OpenVINO is an Intel toolkit for deploying AI models. This particular project is an Intel project using the OpenVINO toolkit to package several existing models as audacity plugins.

a month ago

refulgentis

> an intel-only solution.

> OpenVino is just DeepFilterNet glued to Whisper.cpp and tied to Intel hardware.

Well, no.

When you want to run a model on a truly wide set of devices, you end up sort of wedged into either ONNX, OpenVINO, TensorFlow Lite, and a few other frameworks.

They're all FOSS, and they're software libraries.

YMMV on which is best, of course, but broadly and widely: where are your users, mostly? Desktop? OpenVINO. Web? TensorFlow. Mobile and desktop? ONNX. This isnt entirely accurate because ex. I reach for ONNX every time because that is what I'm familiar with. All of them make effort to reach every platform, ex. OpenVINO goes supports ARM, and not in a trivial manner.

That all being said, TL;DR:

It is "not even wrong", in the Pauli sense, to imply OpenVINO is Intel-only, and to describe OpenVINO as "just glu[ing a model to inference code]"

You're describing 3 different components (a hardware acceleration library, and inference library, and a model) and suggesting the hardware accelerated inference library just glues together a model-specific inference library and a model. The mastroyshka doll is inverted: whisper.cpp uses openvino to acclerate its model-specific inference code.

a month ago

zeckalpha

The Noise Removal plugin takes a bit getting used to, but I have had great results from it. I don't mean to point to operator error... it's got too many options for someone new to it to tune.

a month ago

sorenjan

This only works with Intel GPUs, and CPUs and NPUs. No Nvidia support for instance.

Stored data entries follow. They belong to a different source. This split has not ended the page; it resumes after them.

(* Let $P$ be a $d$-polytope with slack ideal $I_P$ and non-incidence toric ideal $T_P$ (defined in the context). If a binomial $\mathbf x^{\mathbf a}-\mathbf x^{\mathbf b}$, with $\mathbf a,\mathbf b\in\mathbb{Z}_{\geq0}^t$, belongs to $I_P$, then it also belongs to $T_P$.
   Context: Let $P\subset\mathbb{R}^d$ be a $d$-dimensional polytope with labelled vertices $\mathbf p_1,\dots,\mathbf p_v$ and labelled facets $F_1,\dots,F_f$. The symbolic slack matrix $S_P(\mathbf x)$ is the $v\times f$ matrix with a $0$ in entry $(i,j)$ if $\mathbf p_i\in F_j$ and a distinct variable $x_{ij}$ otherwise; let $x_1,\dots,x_t$ denote all these variables. The slack ideal is $I_P=\langle (d+2)\text{-minors of } S_P(\mathbf x)\rangle : (x_1\cdots x_t)^\infty\subseteq\mathbb{C}[x_1,\dots,x_t]$. The non-incidence graph $G_P$ is the bipartite graph on the vertices and facets of $P$ with an edge $\{\mathbf p_i,F_j\}$ iff $\mathbf p_i\notin F_j$ (labelled by $x_{ij}$). $T_P$ is the toric ideal of the vertex-edge incidence matrix of $G_P$, i.e. the kernel of the map $x_{ij}\mapsto s_iu_j$ into $\mathbb{C}[s_1^{\pm1},\dots,s_v^{\pm1},u_1^{\pm1},\dots,u_f^{\pm1}]$. *)

From HB Require Import structures.
From mathcomp Require Import all_boot all_order all_algebra.
From mathcomp Require Import mpoly.
From mathcomp Require Import complex.
Set Implicit Arguments. Unset Strict Implicit. Unset Printing Implicit Defensive.
Import Order.TTheory GRing.Theory Num.Theory.
Local Open Scope ring_scope.

Section Geometry.
Variables (R : realFieldType) (d : nat).

Definition dotv (x y : 'rV[R]_d) : R := \sum_(k < d) x 0 k * y 0 k.

Definition conv_hull (v : nat) (p : 'I_v -> 'rV[R]_d) (x : 'rV[R]_d) : Prop :=
  exists w : 'I_v -> R,
    (forall i, 0 <= w i) /\ \sum_(i < v) w i = 1 /\ x = \sum_(i < v) w i *: p i.

(* F is a face of P: F = P \cap {x | <c,x> = delta} for a valid inequality
   <c,x> <= delta of P (c = 0 allowed, giving P and the empty face). *)
Definition is_face (P F : 'rV[R]_d -> Prop) : Prop :=
  exists (c : 'rV[R]_d) (delta : R),
    (forall x, P x -> dotv c x <= delta) /\
    (forall x, F x <-> (P x /\ dotv c x = delta)).

Definition aff_indep (n : nat) (q : 'I_n -> 'rV[R]_d) : bool :=
  row_free (\matrix_(i < n) row_mx (q i) (const_mx 1 : 'rV[R]_1)).

Definition has_aff_pts (S : 'rV[R]_d -> Prop) (n : nat) : Prop :=
  exists q : 'I_n.+1 -> 'rV[R]_d, (forall i, S (q i)) /\ aff_indep q.

(* S has (affine) dimension k (k = -1 for the empty set) *)
Definition has_dim (S : 'rV[R]_d -> Prop) (k : int) : Prop :=
  forall n : nat, has_aff_pts S n <-> (n%:Z <= k).

Definition is_vertex (P : 'rV[R]_d -> Prop) (x : 'rV[R]_d) : Prop :=
  exists F, is_face P F /\ has_dim F 0 /\ F x.

Definition is_facet (P F : 'rV[R]_d -> Prop) : Prop :=
  is_face P F /\ has_dim F (d%:Z - 1).

End Geometry.

Section Ideals.
Variable A : comNzRingType.

Definition in_ideal (G : A -> Prop) (q : A) : Prop :=
  exists (n : nat) (g : 'I_n -> A) (h : 'I_n -> A),
    (forall i, G (g i)) /\ q = \sum_(i < n) h i * g i.

Definition in_saturation (I : A -> Prop) (m : A) (q : A) : Prop :=
  exists N : nat, I (m ^+ N * q).

End Ideals.

Section Slack.
Variables (R : rcfType) (d v f : nat).
Variables (p : 'I_v -> 'rV[R]_d) (a : 'I_f -> 'rV[R]_d) (b : 'I_f -> R).

Definition facet_set (j : 'I_f) (x : 'rV[R]_d) : Prop :=
  conv_hull p x /\ dotv (a j) x = b j.

Definition incident (i : 'I_v) (j : 'I_f) : bool := dotv (a j) (p i) == b j.

Definition nonInc : {set 'I_v * 'I_f} := [set ij | ~~ incident ij.1 ij.2].

(* number t of variables; variable x_k (k : 'I_t) is x_{ij} for
   (i,j) = enum_val k *)
Definition nvars : nat := #|nonInc|.

Definition var_pair (k : 'I_nvars) : 'I_v * 'I_f := enum_val k.

Local Notation C := (R[i]).
Local Notation Poly := {mpoly C[nvars]}.

Definition symb_slack : 'M[Poly]_(v, f) :=
  \matrix_(i < v, j < f) \sum_(k < nvars | var_pair k == (i, j)) 'X_k.

Definition is_minor (q : Poly) : Prop :=
  exists (r : 'I_(d.+2) -> 'I_v) (c : 'I_(d.+2) -> 'I_f),
    {homo r : x y / (x < y)%N} /\ {homo c : x y / (x < y)%N} /\
    q = \det (mxsub r c symb_slack).

Definition slack_ideal (q : Poly) : Prop :=
  in_saturation (in_ideal is_minor) (\prod_(k < nvars) 'X_k) q.

(* target ring C[s_1..s_v, u_1..u_f]; x_{ij} |-> s_i u_j *)
Definition toric_images : nvars.-tuple {mpoly C[v + f]} :=
  [tuple 'X_(lshift f (var_pair k).1) * 'X_(rshift v (var_pair k).2) | k < nvars].

Definition toric_ideal (q : Poly) : Prop :=
  comp_mpoly toric_images q = 0.

End Slack.
Arguments slack_ideal {R d v f} p a b q.
Arguments toric_ideal {R d v f} p a b q.
Arguments nvars {R d v f} p a b.

From HB Require Import structures.
From mathcomp Require Import all_boot all_order all_algebra.
From mathcomp Require Import mpoly.
From mathcomp Require Import complex.
From mathcomp Require Import ring.
Set Implicit Arguments. Unset Strict Implicit. Unset Printing Implicit Defensive.
Import Order.TTheory GRing.Theory Num.Theory.
Local Open Scope ring_scope.

(* Every point x_ij = s_i u_j S_ij, with s and u nowhere zero and S the slack
   matrix of P, lies on the slack variety: the scaled slack matrix factors
   through C^(d+1), so its (d+2)-minors vanish, and no coordinate is zero, so
   the saturation does not matter.  Evaluating x^a - x^b there gives
   S^a s^r(a) u^c(a) = S^b s^r(b) u^c(b), where r and c are the row and column
   degrees of the exponent, i.e. the vertex degrees in G_P.  Testing with
   s, u in {1,2}^n forces r(a) = r(b) and c(a) = c(b), which is exactly the
   condition for x^a - x^b to lie in T_P. *)

Lemma prodrX_partition (A : comPzSemiRingType) (I J : finType) (pi : I -> J)
    (x : J -> A) (e : I -> nat) :
  \prod_(k : I) x (pi k) ^+ e k = \prod_(j : J) x j ^+ (\sum_(k | pi k == j) e k).
Proof.
rewrite (partition_big pi xpredT) //=; apply: eq_bigr => j _.
by rewrite -prodrXr; apply: eq_bigr => k /eqP ->.
Qed.

Lemma prodrX_delta (A : comPzSemiRingType) (J : finType) (j0 : J) (c : A) (m : J -> nat) :
  \prod_(j : J) (if j == j0 then c else 1) ^+ m j = c ^+ m j0.
Proof. by rewrite (bigD1 j0) //= eqxx big1 ?mulr1 // => j /negbTE ->; exact: expr1n. Qed.

Lemma prod_expr1n (A : pzSemiRingType) (I : finType) (e : I -> nat) :
  \prod_(i : I) (1 : A) ^+ e i = 1.
Proof. by apply: big1 => i _; exact: expr1n. Qed.

Lemma det_mul_lt_eq0 (F : fieldType) m n (A : 'M[F]_(m, n)) (B : 'M[F]_(n, m)) :
  (n < m)%N -> \det (A *m B) = 0.
Proof.
move=> lt_nm; apply/eqP; apply: contraT => detAB_neq0.
have /eqP rankAB : row_free (A *m B) by rewrite row_free_unit unitmxE unitfE.
have := leq_trans (mxrankM_maxl A B) (rank_leq_col A).
by rewrite rankAB leqNgt lt_nm.
Qed.

Lemma rmorph_saturation_eq0 (A : comNzRingType) (B : idomainType)
    (phi : {rmorphism A -> B}) (G : A -> Prop) (m q : A) :
  (forall g, G g -> phi g = 0) -> phi m != 0 ->
  in_saturation (in_ideal G) m q -> phi q = 0.
Proof.
move=> phiG phim_neq0 [N [n [g [h [Gg mNq]]]]].
have /eqP : phi (m ^+ N * q) = 0.
  by rewrite mNq rmorph_sum; apply: big1 => k _; rewrite rmorphM /= (phiG _ (Gg k)) mulr0.
by rewrite rmorphM rmorphXn mulf_eq0 expf_eq0 (negbTE phim_neq0) andbF => /eqP.
Qed.

Lemma monomial_exponents_eq (K : numDomainType) (I : finType) (c c' : K)
    (m n : I -> nat) :
  c != 0 ->
  (forall s : I -> K, (forall i, s i != 0) ->
     c * \prod_i s i ^+ m i = c' * \prod_i s i ^+ n i) ->
  m =1 n.
Proof.
move=> c_neq0 monoE i0.
have cc' : c = c'.
  by have := monoE (fun=> 1) (fun=> oner_neq0 K); rewrite !prod_expr1n !mulr1.
have s_neq0 i : (if i == i0 then 2 else 1) != 0 :> K.
  by case: (i == i0); rewrite ?oner_eq0 ?pnatr_eq0.
move: (monoE _ s_neq0); rewrite !prodrX_delta -cc' => /(mulfI c_neq0) /eqP.
by rewrite -!natrX eqr_nat eqn_exp2l // => /eqP.
Qed.

Section SlackPoints.
Variables (R : rcfType) (d v f : nat).
Variables (p : 'I_v -> 'rV[R]_d) (a : 'I_f -> 'rV[R]_d) (b : 'I_f -> R).

Local Notation C := (R[i]).
Local Notation rc := (real_complex R).
Local Notation t := (nvars p a b).
Local Notation vp := (@var_pair R d v f p a b).

Definition slack (i : 'I_v) (j : 'I_f) : C := rc (b j - dotv (a j) (p i)).

Definition scaled_slack_point (s : 'I_v -> C) (u : 'I_f -> C) (k : 'I_t) : C :=
  s (vp k).1 * u (vp k).2 * slack (vp k).1 (vp k).2.

Definition row_deg (e : multinom t) (i : 'I_v) : nat := \sum_(k < t | (vp k).1 == i) e k.
Definition col_deg (e : multinom t) (j : 'I_f) : nat := \sum_(k < t | (vp k).2 == j) e k.

Lemma slack_var_neq0 k : slack (vp k).1 (vp k).2 != 0.
Proof.
have := enum_valP k; rewrite -/(var_pair k) inE /incident /slack.
apply: contra => /eqP slack0; rewrite eq_sym -subr_eq0.
by rewrite -(inj_eq (@complexI R)) slack0 rmorph0.
Qed.

Lemma map_symb_slack s u :
  map_mx (meval (scaled_slack_point s u)) (symb_slack p a b) =
  \matrix_(i, j) (s i * u j * slack i j).
Proof.
apply/matrixP => i j; rewrite !mxE rmorph_sum /=.
have [ij_nonInc|ij_inc] := boolP ((i, j) \in nonInc p a b).
  pose k0 := enum_rank_in ij_nonInc (i, j).
  have vp_k0 : vp k0 = (i, j) by rewrite /var_pair enum_rankK_in.
  rewrite (big_pred1 k0) => [|k]; first by rewrite mevalXU /scaled_slack_point vp_k0.
  by rewrite /= -vp_k0 /var_pair (inj_eq enum_val_inj).
have -> : slack i j = 0.
  by move: ij_inc; rewrite inE negbK /incident /slack => /eqP ->; rewrite subrr rmorph0.
rewrite mulr0 big1 // => k /eqP vp_k.
by move: ij_inc; rewrite -vp_k /var_pair enum_valP.
Qed.

(* S_ij = b_j - <a_j, p_i> = (p_i, 1) . (-a_j, b_j) *)
Lemma scaled_slack_factor s u :
  \matrix_(i, j) (s i * u j * slack i j) =
  row_mx (\matrix_(i < v, k < d) (s i * rc (p i 0 k))) (\matrix_(i < v, k < 1) s i) *m
  col_mx (\matrix_(k < d, j < f) - (u j * rc (a j 0 k)))
         (\matrix_(k < 1, j < f) (u j * rc (b j))).
Proof.
apply/matrixP => i j; rewrite mul_row_col !mxE big_ord1 !mxE /slack /dotv.
rewrite rmorphB rmorph_sum /= mulrBr addrC; congr (_ + _); first by rewrite mulrA.
rewrite -mulrN -sumrN mulr_sumr; apply: eq_bigr => k _; rewrite !mxE rmorphM /=.
ring.
Qed.

Lemma minor_scaled_slack_eq0 s u q :
  is_minor q -> meval (scaled_slack_point s u) q = 0.
Proof.
move=> [r [c [_ [_ ->]]]].
rewrite -det_map_mx map_mxsub map_symb_slack scaled_slack_factor mxsub_mul.
by apply: det_mul_lt_eq0; rewrite addn1.
Qed.

Lemma slack_ideal_scaled_slack_eq0 s u q :
  (forall i, s i != 0) -> (forall j, u j != 0) ->
  slack_ideal p a b q -> meval (scaled_slack_point s u) q = 0.
Proof.
move=> s_neq0 u_neq0; apply: rmorph_saturation_eq0; first exact: minor_scaled_slack_eq0.
rewrite rmorph_prod /=; apply/prodf_neq0 => k _.
by rewrite mevalXU !mulf_neq0 ?slack_var_neq0.
Qed.

Lemma meval_scaled_slack_X s u (e : multinom t) :
  meval (scaled_slack_point s u) 'X_[e] =
  (\prod_(k < t) slack (vp k).1 (vp k).2 ^+ e k) *
  (\prod_i s i ^+ row_deg e i) * (\prod_j u j ^+ col_deg e j).
Proof.
rewrite mevalX /scaled_slack_point.
under [LHS]eq_bigr do rewrite !exprMn.
rewrite !big_split /= -(prodrX_partition (fun k => (vp k).1)).
by rewrite -(prodrX_partition (fun k => (vp k).2)) mulrC mulrA.
Qed.

Lemma comp_toric_X (e : multinom t) :
  comp_mpoly (toric_images p a b) 'X_[e] =
  (\prod_i 'X_(lshift f i) ^+ row_deg e i) * (\prod_j 'X_(rshift v j) ^+ col_deg e j).
Proof.
rewrite comp_mpolyX.
under [LHS]eq_bigr do rewrite tnth_mktuple exprMn.
rewrite big_split /= -(prodrX_partition (fun k => (vp k).1)).
by rewrite -(prodrX_partition (fun k => (vp k).2)).
Qed.

Lemma slack_binomial_degrees (ea eb : multinom t) :
  slack_ideal p a b ('X_[ea] - 'X_[eb]) ->
  row_deg ea =1 row_deg eb /\ col_deg ea =1 col_deg eb.
Proof.
move=> binom_slack.
have evalE s u : (forall i, s i != 0) -> (forall j, u j != 0) ->
    meval (scaled_slack_point s u) 'X_[ea] = meval (scaled_slack_point s u) 'X_[eb].
  move=> s_neq0 u_neq0; apply/eqP; rewrite -subr_eq0 -rmorphB /=.
  exact/eqP/slack_ideal_scaled_slack_eq0.
have weight_neq0 : \prod_(k < t) slack (vp k).1 (vp k).2 ^+ ea k != 0.
  by apply/prodf_neq0 => k _; rewrite expf_neq0 ?slack_var_neq0.
split.
- apply: monomial_exponents_eq weight_neq0 _ => s s_neq0.
  have := evalE s (fun=> 1) s_neq0 (fun=> oner_neq0 _).
  by rewrite !meval_scaled_slack_X !prod_expr1n !mulr1 => ->.
- apply: monomial_exponents_eq weight_neq0 _ => u u_neq0.
  have := evalE (fun=> 1) u (fun=> oner_neq0 _) u_neq0.
  by rewrite !meval_scaled_slack_X !prod_expr1n !mulr1 => ->.
Qed.

End SlackPoints.

Theorem lemma3p4 (R : rcfType) (d v f : nat)
    (p : 'I_v -> 'rV[R]_d) (a : 'I_f -> 'rV[R]_d) (b : 'I_f -> R)
    (* P = conv(p_i) is a d-dimensional polytope *)
    (Hdim : has_dim (conv_hull p) d%:Z)
    (* the p_i are exactly the vertices of P, labelled injectively *)
    (Hvert : forall x, is_vertex (conv_hull p) x <-> exists i, x = p i)
    (Hpinj : injective p)
    (* the F_j are exactly the facets of P, labelled injectively *)
    (Hfacet : forall j, is_facet (conv_hull p) (facet_set p a b j))
    (Hfall : forall F, is_facet (conv_hull p) F ->
               exists j, forall x, F x <-> facet_set p a b j x)
    (Hfinj : forall j j', (forall x, facet_set p a b j x <-> facet_set p a b j' x) -> j = j')
    (ea eb : multinom (nvars p a b)) :
  slack_ideal p a b ('X_[ea] - 'X_[eb]) ->
  toric_ideal p a b ('X_[ea] - 'X_[eb]).
Proof.
move=> /slack_binomial_degrees [rowE colE].
rewrite /toric_ideal comp_mpolyB !comp_toric_X.
rewrite (eq_bigr _ (fun i _ => congr1 _ (rowE i))).
by rewrite (eq_bigr _ (fun j _ => congr1 _ (colE j))) subrr.
Qed.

https://docs.openvino.ai/2024/about-openvino/release-notes-o...

a month ago

Aromasin

I used to work at Intel doing OpenVINO stuff. Should work on AMD too; it's just not validated for it so there might be quirks.

a month ago

vient

They have some NVIDIA support in the form of external project: https://github.com/openvinotoolkit/openvino_contrib/tree/mas...

a month ago

VTimofeenko

Nvidia has Broadcast which is Windows-only:

https://www.nvidia.com/en-us/geforce/broadcasting/broadcast-...

a month ago

sorenjan

Doesn't work on files so can't be used in Audacity, only on live mic audio.

a month ago

VTimofeenko

Fair point! I don't suppose Windows allows pulse audio style routing of audio streams to use denoising on a fake microphone.

25 days ago

BizarroLand

I ran it on my amd 5950x with an rtx3090. It crashed when I attempted GPU process but ran fine on CPU. YMMV

25 days ago

idunnoman1222

So use your cpu

a month ago

htsh

A lot of us have ryzen / nvidia combos... hopefully, soon, though.

a month ago

bigbones

Openvino runs fine on AMD last I checked

a month ago

_carbyau_

Maybe it does, however the system requirements page makes it looks like it supports everything BUT AMD.

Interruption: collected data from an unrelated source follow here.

Lemma sturn1_swap_head B C : all (avoids u v) B -> all (avoids u v) C ->
  sturn1 v (B ++ u :: C) + sturn2 u v C = sturn1 u (B ++ v :: C) + sturn2 v u C.
Proof.
move=> hB hC; elim: B hB => [|b B IH] /= => [_ | /andP [hb hB]].
  suff -> : sturn1 v C = sturn1 u C by lia.
  apply: eq_in_sturn1 => y z /(allP hC) hy /(allP hC) hz.
  by case: (turn_exchange hy hz).
have eD D : all (avoids u v) D -> sturn2 u b D = sturn2 v b D.
  by move=> /allP hD; apply: eq_in_sturn2 => z /hD hz; case: (turn_exchange hb hz).
by rewrite !sturn2_cat /= !eD // turnC; move: (IH hB); lia.
Qed.

(* Only the triples through both exchanged positions change; such a triple
   through an entry [a] of [A] is counted 2 ^ (entries of [A] before [a]) times,
   hence [rev A]. *)
Lemma sturns_swap A B C :
  all (avoids u v) A -> all (avoids u v) B -> all (avoids u v) C ->
  sturns (A ++ v :: B ++ u :: C) + 2 ^ size A * sturn2 u v C +
    2 ^ size C * sturn2 v u (rev A) =
  sturns (A ++ u :: B ++ v :: C) + 2 ^ size A * sturn2 v u C +
    2 ^ size C * sturn2 u v (rev A).
Proof.
move=> hA hB hC; elim: A hA => [|a A IH] /= => [_ | /andP [ha hA]].
  by rewrite sturns_exchange //; move: (sturn1_swap_head hB hC); lia.
rewrite rev_cons -cats1 !sturn2_cat /= expnS [turn v u a]turnC [turn u v a]turnC.
by move: (IH hA) (sturn1_swap ha hA hB hC); lia.
Qed.

Lemma sturns_swap_lt A B C :
  all (avoids u v) A -> all (avoids u v) B -> all (avoids u v) C ->
  (A != [::] -> turn u v (last 0 A) && ~~ turn v u (last 0 A)) ->
  (C != [::] -> turn v u (head 0 C) && ~~ turn u v (head 0 C)) ->
  (A != [::]) || (C != [::]) ->
  sturns (A ++ u :: B ++ v :: C) < sturns (A ++ v :: B ++ u :: C).
Proof.
move=> hA hB hC hL hR hAC; have := sturns_swap hA hB hC.
have ltA : A != [::] -> sturn2 v u (rev A) < sturn2 u v (rev A).
  case/lastP: A {hA hAC} hL => // A a hL _.
  have /andP [] : turn u v a && ~~ turn v u a.
    by rewrite -(last_rcons 0 A a); apply: hL; case: A.
  by rewrite rev_rcons; apply: sturn2_lt_head.
have ltC : C != [::] -> sturn2 u v C < sturn2 v u C.
  by case: C {hC hAC} hR => // c C /(_ isT) /andP [] h1 h2 _; apply: sturn2_lt_head.
have scale k m n : m < n -> 2 ^ k * m < 2 ^ k * n by rewrite ltn_pmul2l ?expn_gt0.
case: (eqVneq A [::]) => [eA | /ltA /(scale (size C)) lA];
  case: (eqVneq C [::]) => [eC | /ltC /(scale (size A)) lC].
- by move: hAC; rewrite eA eC.
- by rewrite eA /= in lC *; lia.
- by rewrite eC /= in lA *; lia.
- by lia.
Qed.

End AdjacentSwap.

Section Perm.
Variables (n : nat) (s : seq nat).
Hypothesis perm_s : is_perm n s.

Lemma is_perm_size : size s = n.
Proof. by rewrite (perm_size perm_s) size_iota. Qed.

Lemma is_perm_uniq : uniq s.
Proof. by rewrite (perm_uniq perm_s) iota_uniq. Qed.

https://docs.openvino.ai/2024/about-openvino/release-notes-o...

a month ago

7speter

It supports AMD cpus because, if I understand correctly, AMD licenses x86 from Intel, so it shares the same bits needed to run openVINO as Intel’s cpus.

Go look at CPUs benchmarks on Phoronix; AMD Ryzen cpus regularly trounce Intel cpus using openVINO inference.

a month ago

dragonwriter

Or use the underlying open-source models directly; this is just several existing open models packaged by an Intel-specific deployment framework and wrapped as Audacity plugins.

a month ago

7speter

This is a great suggestion and all, but don’t you need a frontend/pipeline to run data through these models?

a month ago

dragonwriter

There are existing frontends for these models that aren't tied to Intel hardware. It may be somewhat less convenient than having them packaged as audacity plugins, but they certainly exist, for people who would want to use them but do not want to be limited to Intel hardware.

a month ago

7speter

It might also work with AMD CPUs too

a month ago

jogu

I've used this plugin on an AMD CPU, it definitely works.

a month ago

smusamashah

Is there a tool that can remove very noisy audio recording of a song using actual song as a reference?

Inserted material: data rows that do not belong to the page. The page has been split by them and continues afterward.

Lemma diff_ineq_le_exp (x dx : R -> R) (T a b : R) : 0 < b ->
  (forall t, T < t -> is_derive x t (dx t) /\ dx t <= a - b * x t) ->
  right_cont x T ->
  forall t, T <= t -> x t <= a / b + (x T - a / b) * exp (- (b * (t - T))).
Proof.
  intros Hb Hd Hx t Ht.
  set (E := fun s => exp (b * (s - T))).
  assert (HE : forall s, is_derive E s (b * E s)).
  { intros s; unfold E; auto_derive; [auto | unfold Rminus; ring]. }
  assert (Hg : (x t - a / b) * E t <= (x T - a / b) * E T).
  { apply (le_of_derive_nonpos (fun s => (x s - a / b) * E s)
      (fun s => dx s * E s + (x s - a / b) * (b * E s))); [exact Ht | |].
    - intros s Hs; destruct (Hd s (proj1 Hs)) as [Hxs Hdxs]; split.
      + assert (Hxa : is_derive (fun s => x s - a / b) s (dx s - 0)).
        { apply (is_derive_minus x (fun _ => a / b));
            [exact Hxs | apply (is_derive_const (V := R_NormedModule))]. }
        rewrite Rminus_0_r in Hxa.
        exact (is_derive_mult _ _ s _ _ Hxa (HE s) Rmult_comm).
      + assert (0 < E s) by apply exp_pos.
        assert (b * (a / b) = a) by (field; lra).
        nra.
    - apply right_cont_shift_mult; [exact Hx |].
      apply (ex_derive_continuous E); eexists; apply HE. }
  assert (HET : E T = 1) by (unfold E; rewrite Rminus_diag, Rmult_0_r; apply exp_0).
  assert (HEt : E t * exp (- (b * (t - T))) = 1)
    by (unfold E; rewrite <- exp_plus, Rplus_opp_r; apply exp_0).
  assert (0 < exp (- (b * (t - T)))) by apply exp_pos.
  rewrite HET in Hg.
  apply (Rmult_le_compat_r (exp (- (b * (t - T))))) in Hg; [| lra].
  rewrite Rmult_assoc, HEt in Hg; lra.
Qed.

Lemma diff_ineq_le_max (x dx : R -> R) (T a b : R) : 0 < b ->
  (forall t, T < t -> is_derive x t (dx t) /\ dx t <= a - b * x t) ->
  right_cont x T ->
  forall t, T <= t -> x t <= Rmax (x T) (a / b).
Proof.
  intros Hb Hd Hx t Ht.
  assert (Hexp := diff_ineq_le_exp x dx T a b Hb Hd Hx t Ht).
  assert (0 < exp (- (b * (t - T)))) by apply exp_pos.
  assert (exp (- (b * (t - T))) <= 1).
  { rewrite <- exp_0; destruct (Req_dec t T) as [-> | HtT].
    - rewrite Rminus_diag, Rmult_0_r, Ropp_0; lra.
    - left; apply exp_increasing.
      assert (0 < b * (t - T)) by (apply Rmult_lt_0_compat; lra); lra. }
  assert (x T <= Rmax (x T) (a / b)) by apply Rmax_l.
  assert (a / b <= Rmax (x T) (a / b)) by apply Rmax_r.
  destruct (Rle_or_lt (a / b) (x T)); nra.
Qed.

Lemma diff_ineq_ge_min (x dx : R -> R) (T a b : R) : 0 < b ->
  (forall t, T < t -> is_derive x t (dx t) /\ a - b * x t <= dx t) ->
  right_cont x T ->
  forall t, T <= t -> Rmin (x T) (a / b) <= x t.
Proof.
  intros Hb Hd Hx t Ht.
  enough (- x t <= Rmax (- x T) (- a / b)) by (rewrite Rdiv_opp_l, Rmax_opp_Rmin in *; lra).
  apply (diff_ineq_le_max (fun s => - x s) (fun s => - dx s));
    [exact Hb | | apply right_cont_opp, Hx | exact Ht].
  intros s Hs; destruct (Hd s Hs); split; [apply (is_derive_opp x); assumption | lra].
Qed.

Lemma eventually_exp_decay (C b T e : R) : 0 < b -> 0 < e ->
  Rbar_locally p_infty (fun t => C * exp (- (b * (t - T))) < e).
Proof.
  intros Hb He; exists (T + Rabs C / (e * b)); intros t Ht.
  set (y := b * (t - T)).
  assert (HC : 0 <= Rabs C) by apply Rabs_pos.
  assert (Hy : Rabs C < e * y).
  { unfold y; apply (Rmult_lt_compat_l (e * b)) in Ht; [| nra].
    replace (e * b * (T + Rabs C / (e * b))) with (e * b * T + Rabs C) in Ht by (field; lra).
    nra. }
  assert (Hexp : 1 + y <= exp y) by apply exp_ineq1_le.
  assert (Hinv : exp y * exp (- y) = 1) by (rewrite <- exp_plus, Rplus_opp_r; apply exp_0).
  assert (0 < exp (- y)) by apply exp_pos.
  assert (C * exp (- y) <= Rabs C * exp (- y))
    by (apply Rmult_le_compat_r; [lra | apply Rle_abs]).
  assert (Rabs C * exp (- y) < e * exp y * exp (- y)) by (apply Rmult_lt_compat_r; nra).
  rewrite Rmult_assoc, Hinv in *; lra.
Qed.

Lemma diff_ineq_eventually_le (x dx : R -> R) (a b : R) : 0 < b ->
  (forall e, 0 < e -> Rbar_locally p_infty
     (fun t => is_derive x t (dx t) /\ dx t <= a + e - b * x t)) ->
  forall e, 0 < e -> Rbar_locally p_infty (fun t => x t <= a / b + e).
Proof.
  intros Hb Hd e He.
  destruct (Hd (b * e / 2) ltac:(nra)) as [M HM].
  set (a' := a + b * e / 2).
  assert (Hexp : forall t, M + 1 <= t ->
    x t <= a' / b + (x (M + 1) - a' / b) * exp (- (b * (t - (M + 1))))).
  { apply (diff_ineq_le_exp x dx); [exact Hb | intros t Ht; apply HM; lra |].
    apply (right_cont_of_derive _ _ (dx (M + 1))), HM; lra. }
  assert (Ha' : a' / b = a / b + e / 2) by (unfold a'; field; lra).
  apply (filter_imp (fun t => M + 1 < t /\
    (x (M + 1) - a' / b) * exp (- (b * (t - (M + 1)))) < e / 2)).
  - intros t [Ht Hdecay]; specialize (Hexp t ltac:(lra)); lra.
  - apply filter_and; [now exists (M + 1) | apply eventually_exp_decay; lra].
Qed.

Lemma diff_ineq_eventually_ge (x dx : R -> R) (a b : R) : 0 < b ->
  (forall e, 0 < e -> Rbar_locally p_infty
     (fun t => is_derive x t (dx t) /\ a - e - b * x t <= dx t)) ->
  forall e, 0 < e -> Rbar_locally p_infty (fun t => a / b - e <= x t).
Proof.
  intros Hb Hd e He.
  apply (filter_imp (fun t => - x t <= - a / b + e)); [intros t; rewrite Rdiv_opp_l; lra |].
  apply (diff_ineq_eventually_le (fun t => - x t) (fun t => - dx t) (- a));
    [exact Hb | | exact He].
  intros e' He'; refine (filter_imp _ _ _ (Hd e' He')).
  intros t [Hxt Hdxt]; split; [apply (is_derive_opp x t (dx t) Hxt) | lra].
Qed.

Lemma eventually_pos : Rbar_locally p_infty (fun t => 0 < t).
Proof. now exists 0. Qed.

Lemma lim_of_eventually_between (x : R -> R) (L : R) :
  (forall e, 0 < e -> Rbar_locally p_infty (fun t => x t <= L + e)) ->
  (forall e, 0 < e -> Rbar_locally p_infty (fun t => L - e <= x t)) ->
  filterlim x (Rbar_locally p_infty) (locally L).
Proof.
  intros Hup Hlo; apply filterlim_locally; intros e.
  assert (He : 0 < e / 2) by (generalize (cond_pos e); lra).
  refine (filter_imp _ _ _ (filter_and _ _ (Hup _ He) (Hlo _ He))).
  intros t [Hu Hl]; change (Rabs (x t - L) < e); apply Rabs_def1; lra.
Qed.

Lemma cont_quadrant_eps G x y : cont_quadrant G -> 0 <= x -> 0 <= y ->
  forall e, 0 < e -> exists d, 0 < d /\ forall x' y', 0 <= x' -> 0 <= y' ->
    Rabs (x' - x) < d -> Rabs (y' - y) < d -> Rabs (G x' y' - G x y) < e.
Proof.
  intros HG Hx Hy e He.
  destruct (proj1 (filterlim_locally _ _) (HG x y Hx Hy) (mkposreal e He)) as [d Hd].
  exists d; split; [apply cond_pos |].
  intros x' y' Hx' Hy' Hdx Hdy; apply (Hd (x', y')); split; assumption.
Qed.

I found a very old audio cassette from my childhood with me and some other kids talking while a song is playing in background. I tried subtracting the song using Audacity but for that to work reference song and recording must align "perfectly" which is very very hard. Not just the timing (which i found can be a problem with cassettes) loudness/frequency distribution must also align perfectly.

Found Smartsubtract https://oxfordwaveresearch.com/products/smartsubtract/ which seems to do exactly the same but it's not available for download.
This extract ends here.